« The Depressed Democrats Guide to Recovery. | Main | Mencken -- Journalist, Social Critic ... Prophet? »
Thursday, November 11, 2004
Quisling & Company
Quisling (1940): A word Norwegians are not very proud of having given to the world: it derives from Vidkun Quisling (1887-1945), a Norwegian politician who collaborated with the Nazis during World War II. He established his name as a synonym for "traitor", someone who collaborates with the invaders of his country, especially by serving in a puppet government. From .
I thought I'd look up the word "quisling" after reading an excellent article in The Guardian about the situation in Iraq by a political refugee from Saddam's Iraq. Excerpt:
The US generals will no doubt deliver Falluja to Bush and Blair after bombarding its neighbourhoods with artillery and rockets. But they are doomed to deliver neither the Fallujans nor the people of Iraq. Perhaps they are unaware that Fallujans defied Saddam's rule during his last years in power. Falluja - known as the city of a thousand mosques - attracted Saddam's wrath in 1998 when its imams refused to hail the tyrant in their Friday sermons. Many were imprisoned, and the city punished as a result.
But the generals certainly do know how resistance began in Falluja. On April 28 2003 US soldiers opened fire on parents and children demonstrating against the continued military occupation of their primary school - killing 18 of them in cold blood and injuring about 60 others.
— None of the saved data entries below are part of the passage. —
(* Let $k\ge1$ with $2^k\le n+1$. Let $\mathbf{SB}_n^{2^k-1}$ be the set of all $f\in\mathbf{SB}_n$ with $\deg(f)\le 2^k-1$. Then $\mathbf{SB}_n^{2^k-1}$ equals the subring of $\mathbf{B}_n$ generated (together with the constants) by $\sigma_1,\sigma_2,\sigma_4,\dots,\sigma_{2^{k-1}}$, and the map $\tau:\mathbf{B}_k\to\mathbf{SB}_n^{2^k-1}$, $F(y_1,\dots,y_k)\mapsto F(\sigma_1,\sigma_2,\sigma_4,\dots,\sigma_{2^{k-1}})$ is a ring isomorphism.
   Context: $\mathbf{B}_n$ is the ring of Boolean functions $\mathbb{F}_2^n\to\mathbb{F}_2$ under pointwise addition and multiplication; $\mathbf{SB}_n$ is the subset of symmetric functions. $\sigma_i$ is the $i$-th elementary symmetric function of $x_1,\dots,x_n$ over $\mathbb{F}_2$. $\deg$ denotes algebraic degree (degree of the algebraic normal form). *)

From HB Require Import structures.
From mathcomp Require Import all_boot all_order all_fingroup all_algebra.
Set Implicit Arguments. Unset Strict Implicit. Unset Printing Implicit Defensive.
Import GRing.Theory.
Local Open Scope ring_scope.

Definition vec (n : nat) := {ffun 'I_n -> 'F_2}.
Definition Bn (n : nat) := {ffun vec n -> 'F_2}.

(* coefficient of the monomial prod_{i in S} x_i in the algebraic normal form
   (Moebius transform) *)
Definition anf_coef (n : nat) (f : Bn n) (S : {set 'I_n}) : 'F_2 :=
  \sum_(x : vec n | [forall i, (x i != 0) ==> (i \in S)]) f x.

(* algebraic degree = max size of a monomial in the ANF (0 for f = 0) *)
Definition deg (n : nat) (f : Bn n) : nat :=
  (\max_(S : {set 'I_n} | anf_coef f S != 0%R) #|S|)%N.

Definition symmetric (n : nat) (f : Bn n) : Prop :=
  forall (s : 'S_n) (x : vec n), f [ffun i => x (s i)] = f x.

Definition SBdeg (n d : nat) (f : Bn n) : Prop := symmetric f /\ (deg f <= d)%N.

Definition sigma (n i : nat) : Bn n :=
  [ffun x : vec n => \sum_(S : {set 'I_n} | #|S| == i) \prod_(j in S) x j].

Inductive in_subring (n : nat) (G : seq (Bn n)) : Bn n -> Prop :=
| sr_gen g : g \in G -> in_subring G g
| sr_zero : in_subring G 0
| sr_one : in_subring G 1
| sr_opp f : in_subring G f -> in_subring G (- f)
| sr_add f g : in_subring G f -> in_subring G g -> in_subring G (f + g)
| sr_mul f g : in_subring G f -> in_subring G g -> in_subring G (f * g).

Definition gens (n k : nat) : seq (Bn n) := [seq sigma n (2 ^ i) | i <- iota 0 k].

Definition tau (n k : nat) (F : Bn k) : Bn n :=
  [ffun x : vec n => F [ffun i : 'I_k => sigma n (2 ^ i) x]].

From Pilot Require Import Defs.
From HB Require Import structures.
From mathcomp Require Import all_boot all_order all_fingroup all_algebra.
Set Implicit Arguments. Unset Strict Implicit. Unset Printing Implicit Defensive.
Import GRing.Theory.
Local Open Scope ring_scope.

(* A point x of F_2^n has Hamming weight w = #|supp x|, and sigma_m(x) is the
   binomial coefficient C(w, m) mod 2.  By the Lucas step
   (1 + X)^(2^j) = 1 + X^(2^j) over F_2, C(w, 2^j) mod 2 is the j-th binary
   digit of w, so tau F (x) = F(bits of w).  Two further facts do the work:
   - symmetric functions are exactly the functions g(w) of the weight, and the
     ANF coefficient of x^S in such a function is the binomial transform
     sum_j C(#|S|, j) g(j);
   - this transform is triangular, hence injective, and it vanishes from 2^k
     on for 2^k-periodic weight functions (again by the Lucas step).
   Hence tau F is symmetric of degree < 2^k, and every such function is
   tau F for F determined by the first 2^k weights; tau is injective when all
   weights < 2^k occur, i.e. 2^k <= n + 1.  Finally tau is the pullback along
   x |-> (sigma_(2^i)(x))_i, a ring morphism, and B_k is generated by its
   coordinates, so the image of tau is the subring generated by the
   sigma_(2^i). *)

Lemma F2_cases (a : 'F_2) : a = 0 \/ a = 1.
Proof. by case: a => [[|[|]]] // ?; [left | right]; apply: val_inj. Qed.

Lemma F2_addxx (a : 'F_2) : a + a = 0.
Proof. by case: (F2_cases a) => ->; apply/eqP. Qed.

Lemma F2_boolE (a : 'F_2) : a = (a != 0)%:R.
Proof. by case: (F2_cases a) => ->; apply/eqP. Qed.

Lemma F2_bool_inj : injective (fun b : bool => b%:R : 'F_2).
Proof. by do 2!case; move/eqP. Qed.

Lemma F2_literal (a b : 'F_2) : (if b == 0 then a + 1 else a) = (a == b)%:R.
Proof. by case: (F2_cases a) => ->; case: (F2_cases b) => ->; apply/eqP. Qed.

(* Binomial coefficients modulo 2: the Lucas step.  Since (1 + X)^(2^j) =
   1 + X^(2^j) over F_2, adding 2^j to the top shifts Pascal's row by 2^j. *)

Lemma coef_X1_exp m i : (('X + 1) ^+ m : {poly 'F_2})`_i = ('C(m, i))%:R.
Proof.
elim: m i => [|m IH] [|i]; rewrite ?expr0 ?coef1 ?bin0n //.
  by rewrite exprSr mulrDr mulr1 coefD coefMX IH add0r !bin0.
by rewrite exprSr mulrDr mulr1 coefD coefMX !IH binS natrD addrC.
Qed.

Lemma X1_exp_pow2 j : (('X + 1) ^+ (2 ^ j) : {poly 'F_2}) = 'X^(2 ^ j) + 1.
Proof.
by rewrite exprDn_pchar ?expr1n // pnatX pnatE // pchar_poly pchar_Fp.
Qed.

Lemma binomial_add_pow2 m j i :
  ('C(2 ^ j + m, i))%:R =
  (if (i < 2 ^ j)%N then 0 else ('C(m, i - 2 ^ j))%:R) + ('C(m, i))%:R :> 'F_2.
Proof.
rewrite -!coef_X1_exp exprD X1_exp_pow2 mulrDl mul1r coefD coefXnM.
by case: ifP => // _; rewrite coef_X1_exp.
Qed.

Lemma binomial_pow2 w j : ('C(w, 2 ^ j))%:R = (odd (w %/ 2 ^ j))%:R :> 'F_2.
Proof.
elim/ltn_ind: w => w IH; case: (ltnP w (2 ^ j)) => [lt_w|le_w].
  by rewrite bin_small // divn_small.
rewrite -(subnKC le_w) binomial_add_pow2 ltnn subnn bin0 IH; last first.
  by rewrite ltn_subrL expn_gt0 /=; apply: leq_trans le_w; rewrite expn_gt0.
rewrite divnDl ?dvdnn // divnn expn_gt0 add1n /=.
by case: (odd _); rewrite ?F2_addxx ?addr0.
Qed.
(* Let $T$ be a monoidal signature with valuation $v$, and suppose the synthesis procedure described in the context is run successively for a sequence of size parameters $(M_1,N_1,P_1,Q_1),(M_2,N_2,P_2,Q_2),\dots$, producing (after all runs) a set of reductions $\mathbb S$ and a set of congruences $\mathbb K$. Then for every $i$ and all string graphs $G,H$ of size $(M_i,N_i,P_i,Q_i)$ with $\llbracket G\rrbracket=\llbracket H\rrbracket$, the graphs $G$ and $H$ are equivalent under the equivalence relation generated by rewriting with $\mathbb S\cup\mathbb K$ (together with isomorphism). Moreover, if $\mathbb K=\emptyset$, then every such $G$ has a unique normal form with respect to $\mathbb S$ (up to isomorphism), and $\llbracket G\rrbracket=\llbracket H\rrbracket$ implies that $G$ and $H$ have isomorphic $\mathbb S$-normal forms.
   Context: String graphs over a monoidal signature $T=(\mathcal O,\mathcal M,\mathrm{dom},\mathrm{cod})$: finite directed graphs with node-vertices labelled by morphisms $f\in\mathcal M$ and wire-vertices labelled by objects in $\mathcal O$, edges (possibly typed $\mathrm{in}_i,\mathrm{out}_j$) each incident to at least one wire-vertex, each wire-vertex having at most one in-edge and one out-edge, labelling consistent with $\mathrm{dom},\mathrm{cod}$. Inputs $\mathrm{In}(G)$ are wire-vertices with no in-edge, outputs $\mathrm{Out}(G)$ those with no out-edge, $\mathrm{Bound}(G)=\mathrm{In}(G)\cup\mathrm{Out}(G)$. The plugging $G/_{(x,y)}$ ($x\in\mathrm{In}(G)$, $y\in\mathrm{Out}(G)$) identifies $x$ and $y$. A generator is, for $f\in\mathcal M$, the smallest string graph containing one node-vertex of type $f$ (one wire-vertex on each of its input and output edges), or the identity generator (two wire-vertices joined by an edge). A string graph has size $(M,N,P,Q)$ if it has $M$ inputs, $N$ outputs, at most $Q$ node-vertices, and is obtained from a disjoint union of generators by at most $P$ pluggings. A string graph rewrite rule $L\to R$ is a span of monomorphisms $L\leftarrow B\rightarrow R$ with $B$ discrete, mapping onto $\mathrm{Bound}(L)$ and $\mathrm{Bound}(R)$ and preserving which boundary points are inputs. A matching $m:L\to G$ is a monomorphism such that any edge of $G$ outside the image of $m$ that is adjacent to $m(v)$ has $v\in\mathrm{Bound}(L)$. Rewriting $G\to H$ with a rule and matching is double-pushout rewriting (remove the interior of $m(L)$, glue $R$ in along the boundary); for a set of rules $\mathbb S$, a graph is $\mathbb S$-irreducible (a normal form) if no rule of $\mathbb S$ matches it. A valuation $v$ assigns to each $o\in\mathcal O$ a finite-dimensional complex vector space and to each $f\in\mathcal M$ a linear map $v(f)$ from the tensor product of its input spaces to that of its output spaces; $\llbracket G\rrbracket$ is the linear map obtained by tensor contraction (node-vertices as $v(f)$, wire-vertices as identities, edges as contracted indices). Synthesis procedure: it is given an initial set $\mathbb S$ of rewrite rules in which every generator is $\mathbb S$-irreducible, and a function $\kappa$ from string graphs to $\mathbb N$ with $G\cong H\Rightarrow\kappa(G)=\kappa(H)$, $G\to_{\mathbb S}H\Rightarrow \kappa(G)>\kappa(H)$ (this property is maintained for all rules ever added), and such that rewriting with rules of $\mathbb S$ never increases the size of a graph (number of inputs/outputs fixed, node-vertices and pluggings non-increasing). Initially $\mathbb K=\emptyset$. A run with parameters $(M,N,P,Q)$ enumerates (up to isomorphism) all string graphs of size $(M,N,P,Q)$ that are irreducible with respect to the current $\mathbb S$, partitions them into classes $C$ of graphs with equal evaluation $\llbracket\cdot\rrbracket$, and for each class $C$ takes the set $C'\subseteq C$ of $\kappa$-minimal elements, chooses $G_0\in C'$, adds to $\mathbb S$ the rules $G\to G_0$ for all $G\in C\setminus C'$, and adds to $\mathbb K$ the rules $G'\to G_0$ and $G_0\to G'$ for all $G'\in C'\setminus\{G_0\}$. Runs are performed in sequence, each using the $\mathbb S$ produced by the previous runs.
   Formalization: Each initial rule L → R of 𝕊 is also sound for the valuation v, that is ⟦L⟧ = ⟦R⟧ with the same boundary types on both sides. The statement above fails without it. *)

From HB Require Import structures.
From mathcomp Require Import all_boot all_order all_algebra.
From Stdlib Require Import Relations.
Set Implicit Arguments. Unset Strict Implicit. Unset Printing Implicit Defensive.
Import GRing.Theory Num.Theory.

Record signature := Signature {
  sObj : Type;
  sMor : Type;
  sdom : sMor -> seq sObj;
  scod : sMor -> seq sObj }.

(* edge types: untyped (wire-wire), in_i, out_j *)
Definition ekind := option (bool * nat).
Notation EPlain := (@None (bool * nat)).
Notation EIn i := (Some (true, i)).
Notation EOut j := (Some (false, j)).

(* finite directed (multi)graphs with vertices labelled by objects (wire-vertices)
   or morphisms (node-vertices) and typed edges *)
Record graph (T : signature) := Graph {
  gV : finType;
  gE : finType;
  vlab : gV -> sObj T + sMor T;
  esrc : gE -> gV;
  etgt : gE -> gV;
  ekd : gE -> ekind }.
Arguments vlab {T g}. Arguments esrc {T g}. Arguments etgt {T g}. Arguments ekd {T g}.

Section Graphs.
Variable T : signature.
Lemma sierp_edgeP u z : sierp e m.+1 u z -> internal u z \/ exists d, external u z d.
Proof.
case/existsP => d /and3P [/forallP prefix ed /forallP suffix].
have [dm | md] := ltnP d m.
  right; exists d; split=> // i id; first exact/eqP/(implyP (prefix i)).
  by have /andP [/eqP -> /eqP ->] := implyP (suffix i) id.
have dL : d = L by apply/val_inj => /=; have := ltn_ord d; lia.
subst d; left; split=> // i iL; apply/eqP/(implyP (prefix i)).
by move: iL; rewrite -val_eqE /=; have := ltn_ord i; lia.
Qed.

Lemma internal_sierp u z : internal u z -> sierp e m.+1 u z.
Proof.
case=> same eL; apply/existsP; exists L; rewrite eL /=.
apply/andP; split; apply/forallP => i; apply/implyP => iL.
  by rewrite same // neq_ltn iL.
by have := ltn_ord i; rewrite /= in iL; lia.
Qed.

Lemma internal_neq (u v z : V) : u != v -> internal u z -> internal v z ->
  (forall i : 'I_m.+1, i != L -> u i = v i) /\ u L != v L.
Proof.
move=> uv [uz _] [vz _]; split=> [i iL|]; first by rewrite uz // vz.
apply: contra uv => /eqP uvL; apply/eqP/ffunP => i.
by have [-> // | iL] := eqVneq i L; rewrite uz // vz.
Qed.

Hypothesis e_irr : irreflexive e.

(* External neighbours of z at d1 < d2 cannot coexist: the first makes z
   constant after d1, the second needs an edge between z_d2 and z_(d2+1). *)
Lemma external_unique u v z d d' : external u z d -> external v z d' -> u = v.
Proof.
have no_lt u' v' d1 d2 : external u' z d1 -> external v' z d2 -> d1 < d2 -> False.
  move=> [_ _ _ u'z] [d2m _ v'z2 v'z] lt12.
  have d2S : d2.+1 < m.+1 by lia.
  have [_ zS] := u'z (Ordinal d2S) (ltn_trans lt12 (ltnSn _)).
  have [_ zS'] := v'z (Ordinal d2S) (ltnSn _).
  by move: v'z2; rewrite -zS' zS -(proj2 (u'z d2 lt12)) e_irr.
move=> uz vz; have dd' : d = d'.
  apply/val_inj; case: (ltngtP d d') => // lt.
    by case: (no_lt _ _ _ _ uz vz lt).
  by case: (no_lt _ _ _ _ vz uz lt).
subst d'; case: uz => [dm u_pre _ u_suf]; case: vz => [_ v_pre _ v_suf].
apply/ffunP => i; case: (ltngtP i d) => id.
- by rewrite u_pre // v_pre.
- by rewrite (proj1 (u_suf i id)) (proj1 (v_suf i id)).
- have dS : d.+1 < m.+1 by lia.
  rewrite (_ : i = d); last exact: val_inj.
  by rewrite -(proj2 (u_suf (Ordinal dS) (ltnSn _))) (proj2 (v_suf (Ordinal dS) (ltnSn _))).
Qed.
(* Let $g(x) = (x^{17}+1)^6 \in \mathbb{F}_{2}[x] \subseteq \mathbb{F}_{256}[x]$ and let $L = \{\alpha_1,\ldots,\alpha_n\}$ be the set of all elements $\alpha \in \mathbb{F}_{256}$ with $g(\alpha) \neq 0$, listed in some order (so $n = 239$). Then the binary Goppa code $C(L,g)$ is a $[239, 21, 103]$ binary linear code, i.e. it has length $239$, dimension $21$ over $\mathbb{F}_2$, and minimum distance $103$.
   Context: For a subset $L=\{\alpha_1,\ldots,\alpha_n\}$ of $\mathbb{F}_{2^m}$ and a polynomial $g(x)\in\mathbb{F}_{2^m}[x]$ with $g(\alpha_i)\neq 0$ for all $i$, the binary Goppa code is $C(L,g) = \{(c_1,\ldots,c_n)\in\mathbb{F}_2^n : \sum_{i=1}^n \frac{c_i}{x-\alpha_i} \equiv 0 \pmod{g(x)}\}$, where $\frac{1}{x-\alpha_i}$ denotes the inverse of $x-\alpha_i$ modulo $g(x)$. A $[n,k,d]$ binary linear code is a $k$-dimensional subspace of $\mathbb{F}_2^n$ whose minimum nonzero Hamming weight is $d$. Here $\mathbb{F}_{256}=\mathbb{F}_{2^8}$. *)

From HB Require Import structures.
From mathcomp Require Import all_boot all_order all_algebra.
Set Implicit Arguments. Unset Strict Implicit. Unset Printing Implicit Defensive.
Import GRing.Theory.
Local Open Scope ring_scope.

Definition inv_mod (F : fieldType) (g : {poly F}) (a : F) (h : {poly F}) : Prop :=
  (('X - a%:P) * h) %% g = 1.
Until the killing of those demonstrators, not a single bullet had been fired at US soldiers in Falluja or any of the cities north of Baghdad. But, remorselessly, little-known Falluja became a world-renowned centre of defiance, where a poor and poorly armed people has courageously faced the military wing of the new empire.
More than 100,000 Iraqis are estimated to have been been killed since the US-led invasion; the country's infrastructure has all but been destroyed; people are exposed to the danger of US and British depleted-uranium shells; hospitals have been reduced to impotence in the face of mounting injuries and disease; the centre of Najaf and entire neighbourhoods of several cities have been razed. How much more should the Iraqi people be subjected to for Bush and Blair to have their "democratically" chosen puppets installed in Baghdad?
These are war crimes of Saddamist proportions, and there is evidently more to come. Bush's latest pronouncements and Blair's declaration of a "second war" have made clear that the occupation governments are ready to kill (as "collateral damage", no doubt) even more Iraqis to enforce a pro-US order. Without a shred of evidence, Bush, Blair and Ayad Allawi's quisling regime shamelessly declare that they are only pursuing the Jordanian kidnapper Zarqawi and other "foreign terrorists". The people of Falluja, their leaders, negotiators and resistance fighters have always denounced Zarqawi and argued that such gangs have been encouraged to undermine the resistance.
After reading such commentary, it becomes difficult to imagine how Bush's "resolute" and "stay the course" brand of stubborn ignorance can ever bring anything resembling a victory to Iraq or Falluja. Especially with a quisling like Allawi at our service, I would guess Iraqis will be resolute themselves in banding together to oust their occupiers, or die trying.